* [Work required] From the entries below, please output exactly the lines starting at the one containing "Definition subconstraint (C" and ending at the one containing "(* Every feasible", both included.

--- Task inputs Enclosed Below ---

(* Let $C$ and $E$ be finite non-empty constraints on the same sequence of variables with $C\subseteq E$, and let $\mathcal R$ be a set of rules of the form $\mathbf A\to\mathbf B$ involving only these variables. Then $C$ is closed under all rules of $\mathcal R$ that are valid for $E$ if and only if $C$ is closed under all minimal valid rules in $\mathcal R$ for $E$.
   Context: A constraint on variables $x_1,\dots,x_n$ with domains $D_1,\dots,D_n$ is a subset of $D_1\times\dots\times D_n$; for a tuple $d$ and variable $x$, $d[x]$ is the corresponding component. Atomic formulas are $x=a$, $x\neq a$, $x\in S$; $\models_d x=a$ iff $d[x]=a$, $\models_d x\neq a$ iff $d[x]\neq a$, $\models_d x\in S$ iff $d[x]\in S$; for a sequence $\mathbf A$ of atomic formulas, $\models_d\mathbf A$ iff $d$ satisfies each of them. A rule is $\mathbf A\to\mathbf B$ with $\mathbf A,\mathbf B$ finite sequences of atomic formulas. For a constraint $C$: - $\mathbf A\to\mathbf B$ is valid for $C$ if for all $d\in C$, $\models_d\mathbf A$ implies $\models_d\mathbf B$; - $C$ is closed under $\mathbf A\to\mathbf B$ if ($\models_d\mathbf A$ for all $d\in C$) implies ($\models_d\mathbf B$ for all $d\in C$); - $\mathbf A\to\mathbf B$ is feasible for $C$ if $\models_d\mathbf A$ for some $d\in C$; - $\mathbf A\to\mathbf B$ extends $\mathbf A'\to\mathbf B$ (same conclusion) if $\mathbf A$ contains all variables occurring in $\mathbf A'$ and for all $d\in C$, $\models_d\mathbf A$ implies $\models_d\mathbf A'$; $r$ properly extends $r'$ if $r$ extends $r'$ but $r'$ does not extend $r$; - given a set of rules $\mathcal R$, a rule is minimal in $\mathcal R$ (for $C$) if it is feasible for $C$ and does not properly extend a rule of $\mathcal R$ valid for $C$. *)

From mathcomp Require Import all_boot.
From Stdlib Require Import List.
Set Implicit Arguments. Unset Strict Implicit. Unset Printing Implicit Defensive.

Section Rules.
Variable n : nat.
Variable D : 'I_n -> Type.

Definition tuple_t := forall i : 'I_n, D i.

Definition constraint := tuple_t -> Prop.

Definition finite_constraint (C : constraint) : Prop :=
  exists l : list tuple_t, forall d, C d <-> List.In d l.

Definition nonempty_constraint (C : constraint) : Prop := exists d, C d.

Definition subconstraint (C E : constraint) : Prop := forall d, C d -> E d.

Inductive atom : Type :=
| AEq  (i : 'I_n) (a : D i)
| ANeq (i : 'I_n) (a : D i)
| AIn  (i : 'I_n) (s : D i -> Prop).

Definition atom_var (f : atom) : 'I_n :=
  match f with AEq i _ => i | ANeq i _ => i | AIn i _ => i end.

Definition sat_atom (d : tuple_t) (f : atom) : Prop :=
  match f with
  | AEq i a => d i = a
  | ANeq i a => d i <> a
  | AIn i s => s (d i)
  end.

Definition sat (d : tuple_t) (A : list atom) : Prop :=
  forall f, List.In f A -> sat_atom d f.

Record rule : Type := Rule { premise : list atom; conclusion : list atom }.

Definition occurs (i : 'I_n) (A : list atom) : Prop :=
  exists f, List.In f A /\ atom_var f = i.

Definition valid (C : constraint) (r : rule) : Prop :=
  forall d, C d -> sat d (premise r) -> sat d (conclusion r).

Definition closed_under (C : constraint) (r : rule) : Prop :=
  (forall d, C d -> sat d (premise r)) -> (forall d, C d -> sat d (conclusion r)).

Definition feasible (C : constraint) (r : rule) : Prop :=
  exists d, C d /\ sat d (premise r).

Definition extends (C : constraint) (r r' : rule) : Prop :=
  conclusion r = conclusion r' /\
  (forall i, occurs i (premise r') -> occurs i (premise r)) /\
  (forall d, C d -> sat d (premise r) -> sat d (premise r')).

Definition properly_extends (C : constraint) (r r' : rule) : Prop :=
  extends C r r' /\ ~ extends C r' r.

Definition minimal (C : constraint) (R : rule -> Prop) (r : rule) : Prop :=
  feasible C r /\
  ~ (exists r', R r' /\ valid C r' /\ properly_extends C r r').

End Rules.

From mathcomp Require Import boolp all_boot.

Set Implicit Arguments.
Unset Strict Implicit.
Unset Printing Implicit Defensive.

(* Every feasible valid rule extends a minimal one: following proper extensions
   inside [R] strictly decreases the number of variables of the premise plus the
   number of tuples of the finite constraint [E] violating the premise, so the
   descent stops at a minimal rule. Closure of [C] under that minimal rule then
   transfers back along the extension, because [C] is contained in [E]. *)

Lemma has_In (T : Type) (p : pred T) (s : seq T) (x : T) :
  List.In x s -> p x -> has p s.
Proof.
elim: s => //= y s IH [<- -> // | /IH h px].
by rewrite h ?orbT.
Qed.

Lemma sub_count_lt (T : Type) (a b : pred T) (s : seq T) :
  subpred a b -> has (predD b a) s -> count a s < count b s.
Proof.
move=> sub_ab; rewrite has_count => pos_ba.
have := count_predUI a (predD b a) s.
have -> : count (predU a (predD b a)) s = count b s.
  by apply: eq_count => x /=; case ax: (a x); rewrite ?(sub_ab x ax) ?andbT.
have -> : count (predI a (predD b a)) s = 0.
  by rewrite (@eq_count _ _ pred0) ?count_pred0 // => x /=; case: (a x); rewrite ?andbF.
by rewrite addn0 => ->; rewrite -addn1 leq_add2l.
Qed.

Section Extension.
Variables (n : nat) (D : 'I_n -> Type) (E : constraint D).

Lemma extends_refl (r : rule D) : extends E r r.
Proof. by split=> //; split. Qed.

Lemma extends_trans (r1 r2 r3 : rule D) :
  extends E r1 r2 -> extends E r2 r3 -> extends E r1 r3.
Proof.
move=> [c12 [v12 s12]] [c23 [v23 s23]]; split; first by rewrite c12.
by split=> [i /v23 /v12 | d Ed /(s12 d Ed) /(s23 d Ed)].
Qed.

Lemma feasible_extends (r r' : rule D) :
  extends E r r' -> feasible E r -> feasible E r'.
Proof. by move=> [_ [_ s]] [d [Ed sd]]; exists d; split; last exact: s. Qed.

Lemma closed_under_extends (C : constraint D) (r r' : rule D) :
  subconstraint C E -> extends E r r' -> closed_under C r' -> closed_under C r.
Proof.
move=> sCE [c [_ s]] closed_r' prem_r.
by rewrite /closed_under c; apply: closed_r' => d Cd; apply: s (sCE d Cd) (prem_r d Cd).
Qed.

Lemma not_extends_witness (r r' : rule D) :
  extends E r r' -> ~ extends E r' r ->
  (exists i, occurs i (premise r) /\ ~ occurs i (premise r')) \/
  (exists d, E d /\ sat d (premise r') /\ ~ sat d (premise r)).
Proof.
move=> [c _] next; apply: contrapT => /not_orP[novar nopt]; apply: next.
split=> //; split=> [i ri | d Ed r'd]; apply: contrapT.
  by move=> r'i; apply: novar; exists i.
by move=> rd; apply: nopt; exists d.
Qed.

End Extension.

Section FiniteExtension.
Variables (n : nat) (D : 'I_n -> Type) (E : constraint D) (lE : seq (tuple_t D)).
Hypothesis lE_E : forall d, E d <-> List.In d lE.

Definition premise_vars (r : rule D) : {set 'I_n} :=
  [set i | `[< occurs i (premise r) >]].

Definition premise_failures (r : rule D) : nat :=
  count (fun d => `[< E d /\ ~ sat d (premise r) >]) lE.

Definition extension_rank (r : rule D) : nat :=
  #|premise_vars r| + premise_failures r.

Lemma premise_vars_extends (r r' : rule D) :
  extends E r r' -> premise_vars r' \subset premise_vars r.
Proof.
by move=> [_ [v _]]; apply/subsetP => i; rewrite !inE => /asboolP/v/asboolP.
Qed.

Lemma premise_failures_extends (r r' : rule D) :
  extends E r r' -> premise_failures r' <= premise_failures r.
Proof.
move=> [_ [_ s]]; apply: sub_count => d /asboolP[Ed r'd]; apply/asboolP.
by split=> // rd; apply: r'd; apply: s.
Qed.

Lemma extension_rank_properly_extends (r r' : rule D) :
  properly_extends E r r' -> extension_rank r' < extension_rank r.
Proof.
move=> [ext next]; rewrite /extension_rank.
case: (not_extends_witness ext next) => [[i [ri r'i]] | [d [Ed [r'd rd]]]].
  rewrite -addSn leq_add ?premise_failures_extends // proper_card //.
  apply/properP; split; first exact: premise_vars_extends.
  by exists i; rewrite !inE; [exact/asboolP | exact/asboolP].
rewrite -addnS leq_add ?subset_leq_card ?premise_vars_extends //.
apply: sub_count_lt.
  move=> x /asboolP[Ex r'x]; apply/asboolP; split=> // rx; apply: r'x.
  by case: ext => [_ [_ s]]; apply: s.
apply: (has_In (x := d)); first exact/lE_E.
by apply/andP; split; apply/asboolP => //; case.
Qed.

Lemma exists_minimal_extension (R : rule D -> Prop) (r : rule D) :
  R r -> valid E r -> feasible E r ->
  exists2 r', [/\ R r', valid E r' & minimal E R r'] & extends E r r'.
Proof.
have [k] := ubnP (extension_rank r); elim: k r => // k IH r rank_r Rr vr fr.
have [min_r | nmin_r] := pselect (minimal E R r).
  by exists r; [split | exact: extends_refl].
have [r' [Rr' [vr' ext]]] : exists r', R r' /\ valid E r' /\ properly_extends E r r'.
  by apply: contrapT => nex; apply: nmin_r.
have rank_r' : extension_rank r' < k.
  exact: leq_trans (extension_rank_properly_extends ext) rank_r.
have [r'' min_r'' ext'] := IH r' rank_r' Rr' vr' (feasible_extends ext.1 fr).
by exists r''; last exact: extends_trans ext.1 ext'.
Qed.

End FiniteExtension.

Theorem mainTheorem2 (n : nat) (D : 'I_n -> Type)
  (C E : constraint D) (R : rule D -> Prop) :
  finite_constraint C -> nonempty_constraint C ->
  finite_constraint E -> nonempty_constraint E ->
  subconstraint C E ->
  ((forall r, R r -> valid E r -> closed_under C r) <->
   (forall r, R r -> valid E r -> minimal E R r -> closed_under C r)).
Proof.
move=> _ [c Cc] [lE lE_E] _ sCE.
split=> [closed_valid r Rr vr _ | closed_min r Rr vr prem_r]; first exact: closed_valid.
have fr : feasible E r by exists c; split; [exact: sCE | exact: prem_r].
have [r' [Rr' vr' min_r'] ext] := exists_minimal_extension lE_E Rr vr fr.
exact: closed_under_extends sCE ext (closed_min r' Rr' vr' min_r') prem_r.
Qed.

--- End of Enclosed Task inputs ---

* [Task answer]
Definition subconstraint (C E : constraint) : Prop := forall d, C d -> E d.

Inductive atom : Type :=
| AEq  (i : 'I_n) (a : D i)
| ANeq (i : 'I_n) (a : D i)
| AIn  (i : 'I_n) (s : D i -> Prop).

Definition atom_var (f : atom) : 'I_n :=
  match f with AEq i _ => i | ANeq i _ => i | AIn i _ => i end.

Definition sat_atom (d : tuple_t) (f : atom) : Prop :=
  match f with
  | AEq i a => d i = a
  | ANeq i a => d i <> a
  | AIn i s => s (d i)
  end.

Definition sat (d : tuple_t) (A : list atom) : Prop :=
  forall f, List.In f A -> sat_atom d f.

Record rule : Type := Rule { premise : list atom; conclusion : list atom }.

Definition occurs (i : 'I_n) (A : list atom) : Prop :=
  exists f, List.In f A /\ atom_var f = i.

Definition valid (C : constraint) (r : rule) : Prop :=
  forall d, C d -> sat d (premise r) -> sat d (conclusion r).

Definition closed_under (C : constraint) (r : rule) : Prop :=
  (forall d, C d -> sat d (premise r)) -> (forall d, C d -> sat d (conclusion r)).

Definition feasible (C : constraint) (r : rule) : Prop :=
  exists d, C d /\ sat d (premise r).

Definition extends (C : constraint) (r r' : rule) : Prop :=
  conclusion r = conclusion r' /\
  (forall i, occurs i (premise r') -> occurs i (premise r)) /\
  (forall d, C d -> sat d (premise r) -> sat d (premise r')).

Definition properly_extends (C : constraint) (r r' : rule) : Prop :=
  extends C r r' /\ ~ extends C r' r.

Definition minimal (C : constraint) (R : rule -> Prop) (r : rule) : Prop :=
  feasible C r /\
  ~ (exists r', R r' /\ valid C r' /\ properly_extends C r r').

End Rules.

From mathcomp Require Import boolp all_boot.

Set Implicit Arguments.
Unset Strict Implicit.
Unset Printing Implicit Defensive.

(* Every feasible valid rule extends a minimal one: following proper extensions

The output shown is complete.